November 28, 2022 (2 min read)

On Tuesday, Nov. 29, 2022, the Supreme Court will hear oral arguments in the case of U.S. v. Texas on a writ of certiorari before judgment, to review the Fifth Circuit's denial of a stay of federal district court Judge Tipton's nationwide injunction.  Issues: (1) Whether state plaintiffs have Article III standing to challenge the Department of Homeland Security’s Guidelines for the Enforcement of Civil Immigration Law; (2) whether the Guidelines are contrary to 8 U.S.C. § 1226(c) or 8 U.S.C. § 1231(a), or otherwise violate the Administrative Procedure Act; and (3) whether 8 U.S.C. § 1252(f)(1) prevents the entry of an order to “hold unlawful and set aside” the guidelines under 5 U.S.C. § 706(2).

Cornell Law professor Stephen W. Yale-Loehr and other experts discuss this "blockbuster" case here.

American University law professor Amanda Frost goes into greater detail here.

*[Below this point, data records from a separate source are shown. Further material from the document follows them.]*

Record LNL {C : Cat} (CC : Cartesian C) {L : Cat} (M : SMC L) := {
  Fn : Functor C L;
  Un : Functor L C;
  eta : forall X, hom X (fob Un (fob Fn X));
  eps : forall A, hom (fob Fn (fob Un A)) A;
  eta_nat : forall X Y (h : hom X Y), h ;; eta Y = eta X ;; fmap Un (fmap Fn h);
  eps_nat : forall A B (k : hom A B), fmap Fn (fmap Un k) ;; eps B = eps A ;; k;
  triangle1 : forall X, fmap Fn (eta X) ;; eps (fob Fn X) = idm (fob Fn X);
  triangle2 : forall A, eta (fob Un A) ;; fmap Un (eps A) = idm (fob Un A);
  mF : forall X Y, hom (tens M (fob Fn X) (fob Fn Y)) (fob Fn (cprod CC X Y));
  mF_inv : forall X Y, hom (fob Fn (cprod CC X Y)) (tens M (fob Fn X) (fob Fn Y));
  mF_iso1 : forall X Y, mF X Y ;; mF_inv X Y = idm _;
  mF_iso2 : forall X Y, mF_inv X Y ;; mF X Y = idm _;
  mF1 : hom (unit M) (fob Fn (cterm CC));
  mF1_inv : hom (fob Fn (cterm CC)) (unit M);
  mF1_iso1 : mF1 ;; mF1_inv = idm _;
  mF1_iso2 : mF1_inv ;; mF1 = idm _;
  mF_nat : forall X X' Y Y' (f : hom X X') (g : hom Y Y'),
      tensm M (fmap Fn f) (fmap Fn g) ;; mF X' Y' = mF X Y ;; fmap Fn (cfprod CC f g);
  mF_assoc : forall X Y Z,
      tensm M (mF X Y) (idm (fob Fn Z)) ;; mF (cprod CC X Y) Z ;; fmap Fn (cassoc CC X Y Z)
      = idc (assoc_ob M _ _ _) ;; tensm M (idm (fob Fn X)) (mF Y Z) ;; mF X (cprod CC Y Z);
  mF_lunit : forall X,
      tensm M mF1 (idm (fob Fn X)) ;; mF (cterm CC) X ;; fmap Fn (cp2 CC _ X)
      = idc (lunit_ob M _);
  mF_runit : forall X,
      tensm M (idm (fob Fn X)) mF1 ;; mF X (cterm CC) ;; fmap Fn (cp1 CC X _)
      = idc (runit_ob M _);
  mF_sym : forall X Y, mF X Y ;; fmap Fn (cswap CC X Y) = sym M _ _ ;; mF Y X;
  nU : forall A B, hom (cprod CC (fob Un A) (fob Un B)) (fob Un (tens M A B));
  nU1 : hom (cterm CC) (fob Un (unit M));
  nU_nat : forall A A' B B' (f : hom A A') (g : hom B B'),
      cfprod CC (fmap Un f) (fmap Un g) ;; nU A' B' = nU A B ;; fmap Un (tensm M f g);
  nU_assoc : forall A B D,
      cfprod CC (nU A B) (idm (fob Un D)) ;; nU (tens M A B) D ;; fmap Un (idc (assoc_ob M A B D))
      = cassoc CC _ _ _ ;; cfprod CC (idm (fob Un A)) (nU B D) ;; nU A (tens M B D);
  nU_lunit : forall A,
      cfprod CC nU1 (idm (fob Un A)) ;; nU (unit M) A ;; fmap Un (idc (lunit_ob M A))
      = cp2 CC _ _;
  nU_runit : forall A,
      cfprod CC (idm (fob Un A)) nU1 ;; nU A (unit M) ;; fmap Un (idc (runit_ob M A))
      = cp1 CC _ _;
  nU_sym : forall A B, nU A B ;; fmap Un (sym M A B) = cswap CC _ _ ;; nU B A;
  eta_mon : forall X Y,
      cfprod CC (eta X) (eta Y) ;; nU (fob Fn X) (fob Fn Y) ;; fmap Un (mF X Y)
      = eta (cprod CC X Y);
  eta_mon1 : nU1 ;; fmap Un mF1 = eta (cterm CC);
  eps_mon : forall A B,
      mF (fob Un A) (fob Un B) ;; fmap Fn (nU A B) ;; eps (tens M A B)
      = tensm M (eps A) (eps B);
  eps_mon1 : mF1 ;; fmap Fn nU1 ;; eps (unit M) = idm (unit M)
}.
Arguments Fn {C CC L M} _.
Arguments Un {C CC L M} _.
Arguments eta {C CC L M} _ _.
Arguments eps {C CC L M} _ _.
Arguments mF {C CC L M} _ _ _.
Arguments mF_inv {C CC L M} _ _ _.
Arguments mF1 {C CC L M} _.
Arguments mF1_inv {C CC L M} _.
Arguments nU {C CC L M} _ _ _.
Arguments nU1 {C CC L M} _.
(* Let $N, M_1, M_2, P, R_1, R_2, R_3, \widetilde{M}_2, \widetilde{P}$ be positive integers with $\widetilde{M}_2 \le M_2$, $\widetilde{P}\le P$. Let $\mathbf{y}\in\mathbb{C}^N$, $\mathbf{H}\in\mathbb{C}^{N\times M_1}$ and $\mathcal{M}\in\mathbb{R}^{N\times M_2\times P}$ be as in the context. Let $\mathbf{U}_2\in\mathbb{R}^{M_2\times\widetilde{M}_2}$ and $\mathbf{U}_3\in\mathbb{R}^{P\times\widetilde{P}}$ have orthonormal columns, and set $\widetilde{\mathcal{M}}=\mathcal{M}\times_2\mathbf{U}_2^\top\times_3\mathbf{U}_3^\top$ and $\widehat{\mathcal{M}}=\mathcal{M}\times_2\mathbf{U}_2\mathbf{U}_2^\top\times_3\mathbf{U}_3\mathbf{U}_3^\top$. Suppose $(\mathcal{G}^\star,\mathbf{A}^\star,\mathbf{B}^\star,\mathbf{C}^\star)$, with $\mathcal{G}^\star\in\mathbb{C}^{R_1\times R_2\times R_3}$, $\mathbf{A}^\star\in\mathbb{C}^{M_1\times R_1}$, $\mathbf{B}^\star\in\mathbb{C}^{M_2\times R_2}$, $\mathbf{C}^\star\in\mathbb{C}^{P\times R_3}$, attains $$m_{\mathrm{Tu}}:=\min_{\mathcal{G},\mathbf{A},\mathbf{B},\mathbf{C}}\Big\|\mathbf{y}-\sum_{r_1=1}^{R_1}\sum_{r_2=1}^{R_2}\sum_{r_3=1}^{R_3}\mathcal{G}_{r_1r_2r_3}\, \mathbf{H}\mathbf{A}_{:r_1}\odot\big(\mathcal{M}\times_2\mathbf{B}_{:r_2}\times_3\mathbf{C}_{:r_3}\big)\Big\|_F$$ over $\mathcal{G}\in\mathbb{C}^{R_1\times R_2\times R_3},\mathbf{A}\in\mathbb{C}^{M_1\times R_1},\mathbf{B}\in\mathbb{C}^{M_2\times R_2},\mathbf{C}\in\mathbb{C}^{P\times R_3}$. Then $$\inf_{\substack{\mathcal{G},\ \mathbf{A}\\ \widetilde{\mathbf{B}}\in\mathbb{C}^{\widetilde{M}_2\times R_2}\\ \widetilde{\mathbf{C}}\in\mathbb{C}^{\widetilde{P}\times R_3}}}\Big\|\mathbf{y}-\sum_{r_1,r_2,r_3}\mathcal{G}_{r_1r_2r_3}\, \mathbf{H}\mathbf{A}_{:r_1}\odot\big(\widetilde{\mathcal{M}}\times_2\widetilde{\mathbf{B}}_{:r_2}\times_3\widetilde{\mathbf{C}}_{:r_3}\big)\Big\|_F \le m_{\mathrm{Tu}}+\|\mathcal{M}-\widehat{\mathcal{M}}\|_F\sum_{r_1,r_2,r_3}|\mathcal{G}^\star_{r_1r_2r_3}|\,\|\mathbf{H}\mathbf{A}^\star_{:r_1}\|_\infty\|\mathbf{B}^\star_{:r_2}\|_F\|\mathbf{C}^\star_{:r_3}\|_F,$$ where $\mathcal{G}$ ranges over $\mathbb{C}^{R_1\times R_2\times R_3}$, $\mathbf{A}$ over $\mathbb{C}^{M_1\times R_1}$, and the sums are over $1\le r_k\le R_k$.
   Context: Let $x(t)$, $t\in\mathbb{Z}$, be a complex-valued input signal and $y(t)$ a complex-valued output signal, $t_0\in\mathbb{Z}$. Define $\mathbf{y}=(y(t_0),\dots,y(t_0+N-1))^\top\in\mathbb{C}^N$; $\mathbf{H}\in\mathbb{C}^{N\times M_1}$ with entries $h_{ni}=x(t_0+n-i)$ ($n=0,\dots,N-1$, $i=0,\dots,M_1-1$); and $\mathcal{M}\in\mathbb{R}^{N\times M_2\times P}$ with entries $\mathcal{M}_{njp}=|x(t_0+n-j)|^p$ ($j=0,\dots,M_2-1$, $p=0,\dots,P-1$, with $0^0=1$). Mode-$k$ product of a tensor $\mathcal{X}\in\mathbb{C}^{I_1\times I_2\times I_3}$ with a matrix $\mathbf{Q}\in\mathbb{C}^{n\times I_k}$: replace mode $k$ by $n$ with $(\mathcal{X}\times_k\mathbf{Q})_{\dots j\dots}=\sum_{i_k}\mathcal{X}_{\dots i_k\dots}q_{j i_k}$ (no conjugation). Mode-$k$ product with a vector $\mathbf{v}\in\mathbb{C}^{I_k}$ contracts mode $k$: $(\mathcal{X}\times_k\mathbf{v})=\sum_{i_k}\mathcal{X}_{\dots i_k\dots}v_{i_k}$, removing that mode; in particular $(\mathcal{M}\times_2\mathbf{b}\times_3\mathbf{c})_n=\sum_{j,p}\mathcal{M}_{njp}b_jc_p$. $\mathbf{A}_{:r}$ denotes the $r$-th column of $\mathbf{A}$; $\odot$ is the entrywise (Hadamard) product; $\|\cdot\|_F$ is the Frobenius (Euclidean for vectors) norm; $\|\cdot\|_\infty$ is the maximum modulus of the entries of a vector. *)

From HB Require Import structures.
From mathcomp Require Import all_boot all_order all_algebra.
From mathcomp Require Import complex.
From mathcomp Require Import classical_sets reals.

University of Alabama law professor Joyce White Vance sums it up this way:

"This is an important, politically charged case that sets two different approaches to immigration enforcement at odds with each other and asks SCOTUS to decide how much latitude presidential administrations have to act. During the Obama administration, recognizing that law enforcement resources were not unlimited, priorities were set for deporting certain types of people who were illegally present in the United States—those who committed crimes, for instance. Others, those who’d been here for a long time or had American citizen family members, were lower-priority. The Trump administration adopted a different approach, one that targeted anyone law enforcement came in contact with. The desired effect was to keep all people who were here without legal status in fear of deportation at all times, by setting no priorities for enforcement, in hopes that people would be frightened and “deport themselves.” (This was the same strategy Alabama adopted in a 2011 law envisioned by the same then-academic, now Kansas Attorney General-to-be Kris Kobach, who also masterminded some of the pre-Trump Republican efforts to adopt restrictive voting laws justified by non-existent voter fraud, but I digress.) Now, as the Biden administration tries to return to a more principled approach that prioritizes measures that make communities safer, Texas and Louisiana have challenged its right to do so, arguing Biden cannot prioritize the removal of certain categories of immigrants over others. In addition to that immigration policy issue, there are two procedural issues lurking in the case. The first involves whether states should be permitted to bring lawsuits like this. California brought over 100 challenges to Trump-era decisions, and Texas is already north of 20 cases involving the Biden administration. The second issue involves the remedy—namely, whether a district judge in one case should be permitted to vacate the administration’s policy, ending it not just for the parties to that case, but universally. So the three issues here are weighty and important, both substantively as to immigration, but also on the legal procedure side of things for how they will impact this and future cases."